Lemma classKinf_add f g : classKinf f -> classKinf g -> classKinf (f \+ g).
Proof.
move=> [[f_cont f0 f_up] f_unb] [[g_cont g0 g_up] _]; split; first split.
- by move=> x; apply: cvgD; [exact: f_cont | exact: g_cont].
- by rewrite /= f0 g0 addr0.
- by move=> a b a0 ab; apply: ltrD; [exact: f_up | exact: g_up].
move=> M; have [a [a0 Ma]] := f_unb M; exists a; split => //.
by rewrite -[M]addr0 lerD // (@classK_ge0 g a).
Qed.

Lemma classKinf_id : classKinf (@id R).
Proof.
split; first split => //; first by apply: continuous_subspaceT => x; exact: cvg_id.
by move=> M; exists `|M|; rewrite ler_norm.
Qed.

Lemma classKinf_pwlin (p : nat -> R) : p 0%N = 0 -> (forall k, p k < p k.+1) ->
  (forall k, k%:R <= p k) -> classKinf (pwlin p).
Proof.
move=> p0 p_up p_ge; split; first split.
- exact/continuous_subspaceT/continuous_pwlin.
- by rewrite -[0]/(0%:R) pwlin_nat.
- by move=> a b a0 ab; apply: pwlin_lt.
move=> M; exists (Num.truncn `|M|).+1%:R; split => //.
rewrite pwlin_nat (le_trans _ (p_ge _)) // (le_trans (ler_norm M)) // ltW //.
exact: truncnS_gt.
Qed.

Fixpoint dominating_seq (A : nat -> R) (k : nat) : R :=
  if k is k'.+1 then dominating_seq A k' + `|A k| + 1 else 0.

Lemma dominating_seq_lt A k : dominating_seq A k < dominating_seq A k.+1.
Proof. by rewrite /= -addrA ltrDl ltr_wpDl. Qed.
Lemma minimizer_first_order G :
    complex.Re (inner Phi G) = 0 -> (forall k, complex.Re (inner Phi (A k *m G)) = 0) ->
    inner G G = 1 -> (forall k, inner G (A k *m G) = (rho 0 k)%:C) ->
  0 <= complex.Re (inner Phi (W *m G)).
Proof.
move=> PhiG PhiAG G_norm G_rho.
suff : 0 <= 2 * complex.Re (inner Phi (W *m G)) by rewrite pmulr_rge0.
apply: (ge0_of_quadratic_le_linear
  (b := complex.Re (inner Phi (W *m Phi)) - complex.Re (inner G (W *m G)))) => x x_gt0.
have Phi_rho := (iota_star_projP A Phi rho).1 hPhi.
have Psi_norm : inner (Phi + x%:C *: G) (Phi + x%:C *: G) = (1 + x ^+ 2)%:C.
  have := inner_herm_perturb Phi G x herm1; rewrite !mul1mx => ->.
  by rewrite hnorm PhiG G_norm mulr0 mulr1 rmorphD rmorph1 addr0.
have Psi_rho k : inner (Phi + x%:C *: G) (A k *m (Phi + x%:C *: G)) =
    ((1 + x ^+ 2) * rho 0 k)%:C.
  rewrite inner_herm_perturb // Phi_rho PhiAG G_rho mulr0 -rmorphM -!rmorphD /=.
  by rewrite mulrDl mul1r addr0.
have := minimizer_homogeneous (ltr_pwDl ltr01 (sqr_ge0 x)) Psi_norm Psi_rho.
rewrite inner_herm_perturb // (inner_herm_real Phi hW) (inner_herm_real G hW).
rewrite -rmorphM -!rmorphD /=; nra.
Qed.
End Minimizer.

Section Descent.
Variables (R : realType) (m n : nat) (A : 'I_m -> 'M[R[i]]_n) (W : 'M[R[i]]_n).
Variables (rho : 'rV[R]_m) (Phi : 'cV[R[i]]_n).
Hypotheses (hA : forall k, herm_mx (A k)) (hW : herm_mx W).
Variables (r : seq 'rV[R]_m) (T : 'rV[R]_m -> R) (a : 'rV[R]_m) (delta : 'cV[R[i]]_n).
Hypotheses (r_uniq : uniq r) (r_weight : {in r, forall b, is_weight A b /\ 0 <= T b}).
Hypotheses (ar : a \in r) (Ta_gt0 : 0 < T a).
Hypotheses (T_sum : \sum_(b <- r) T b = 1) (rhoE : rho = \sum_(b <- r) T b *: b).
Hypotheses (hdelta : weight_vector A a delta) (delta_Phi : inner delta Phi = 0).
Hypothesis delta_WPhi : inner delta (W *m Phi) != 0.

Lemma descent_direction_exists : exists G,
  [/\ complex.Re (inner Phi G) = 0, forall k, complex.Re (inner Phi (A k *m G)) = 0,
      inner G G = 1, forall k, inner G (A k *m G) = (rho 0 k)%:C
    & complex.Re (inner Phi (W *m G)) < 0].
Proof.
have /choice [g g_weight] : forall b, exists v, b \in r -> weight_vector A b v.
  move=> b; have [br | _] := boolP (b \in r); last by exists 0.
  by have [[v bv] _] := r_weight br; exists v.
pose f b := if b == a then delta else g b.
have f_weight : {in r, forall b, weight_vector A b (f b)}.
  by move=> b br; rewrite /f; case: eqP => [-> | _]; [exact: hdelta | exact: g_weight].
pose N b := complex.Re (inner (f b) (f b)).
have /choice [c c_spec] : forall b, exists c, b \in r -> [/\
    conjc c * c * (N b)%:C = (T b)%:C, complex.Re (c * inner Phi (f b)) = 0,
    complex.Re (c * inner Phi (W *m f b)) <= 0 &
    (inner Phi (f b) = 0 -> inner Phi (W *m f b) != 0 -> 0 < T b ->
       complex.Re (c * inner Phi (W *m f b)) < 0)].
  move=> b; have [br | _] := boolP (b \in r); last by exists 0.
  have [/inner_self_gt0 N_gt0 _] := f_weight _ br.
  have [c] := scaled_phase_exists (inner Phi (f b)) (inner Phi (W *m f b)) N_gt0 (r_weight br).2.
  by exists c.
have fa : f a = delta by rewrite /f eqxx.
exists (\sum_(b <- r) c b *: f b); split.
- rewrite inner_sumr Re_sum big1_seq // => b /andP [_ br].
  by rewrite innerZr; case: (c_spec b br).
- move=> k; rewrite (mulmx_weight_combination f_weight) inner_sumr Re_sum.
  rewrite big1_seq // => b /andP [_ br].
  by rewrite innerZr mulrAC mulrC ReM_real; case: (c_spec b br) => _ -> _ _; rewrite mulr0.
- rewrite (inner_weight_combination hA r_uniq f_weight) -[1]/(1%:C) -T_sum.
  rewrite rmorph_sum.
  apply: eq_big_seq => b br; rewrite inner_self_real.
  by case: (c_spec b br).
- move=> k; rewrite (mulmx_weight_combination f_weight).
  rewrite (inner_weight_combination hA r_uniq f_weight).
  rewrite rhoE summxE rmorph_sum; apply: eq_big_seq => b br.
  rewrite mxE rmorphM /= inner_self_real; case: (c_spec b br) => <- _ _ _; ring.
- rewrite mulmx_sumr inner_sumr Re_sum (bigD1_seq a) //=.
  have rest_le0 :
      \sum_(b <- r | b != a) complex.Re (inner Phi (W *m (c b *: f b))) <= 0.
    rewrite big_seq_cond; apply: sumr_le0 => b /andP [br _].
    by rewrite -scalemxAr innerZr; case: (c_spec b br).
  suff : complex.Re (inner Phi (W *m (c a *: f a))) < 0 by lra.
  rewrite -scalemxAr innerZr; case: (c_spec a ar) => _ _ _ -> //; rewrite fa.
    by rewrite innerC delta_Phi conjc0.
  by rewrite inner_hermM // innerC conjc_eq0.
Qed.
End Descent.

Unset Implicit Arguments.
Set Strict Implicit.

Theorem lemma4p22 (R : realType) (m n : nat)
  (A : 'I_m -> 'M[R[i]]_n) (W : 'M[R[i]]_n)
  (hA : forall k, herm_mx (A k))
  (hcomm : forall k l, A k *m A l = A l *m A k)
  (hW : herm_mx W)
  (rho : 'rV[R]_m)
  (hrho : relint (conv (is_weight A)) rho)
  (Phi : 'cV[R[i]]_n)
  (hnorm : inner Phi Phi = 1)
  (hPhi : iota_star_is A (proj Phi) rho)
  (hmin : forall Psi : 'cV[R[i]]_n, inner Psi Psi = 1 ->
            iota_star_is A (proj Psi) rho ->
            inner Phi (W *m Phi) <= inner Psi (W *m Psi))
  (alpha : 'rV[R]_m) (delta : 'cV[R[i]]_n)
  (hdelta : weight_vector A alpha delta)
  (horth : inner delta Phi = 0) :
  inner delta (W *m Phi) = 0.
Proof.
apply/eqP; apply/negPn/negP => delta_WPhi.
have [r [T [r_uniq [alpha_r Talpha_gt0] r_weight T_sum rhoE]]] :=
  relint_conv_pos_coef hrho (ex_intro _ delta hdelta).
have [G [PhiG PhiAG G_norm G_rho WG_lt0]] :=
  descent_direction_exists hA hW r_uniq r_weight alpha_r Talpha_gt0 T_sum rhoE
    hdelta horth delta_WPhi.
have := minimizer_first_order hA hW hnorm hPhi hmin PhiG PhiAG G_norm G_rho.
by rewrite leNgt WG_lt0.
Qed.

◆ ◆ ◆ ◆ ◆

▶ _Exercise prompt_: Show all lines above containing "hrho".

▶ _Response box_:
  (hrho : relint (conv (is_weight A)) rho)
  relint_conv_pos_coef hrho (ex_intro _ delta hdelta).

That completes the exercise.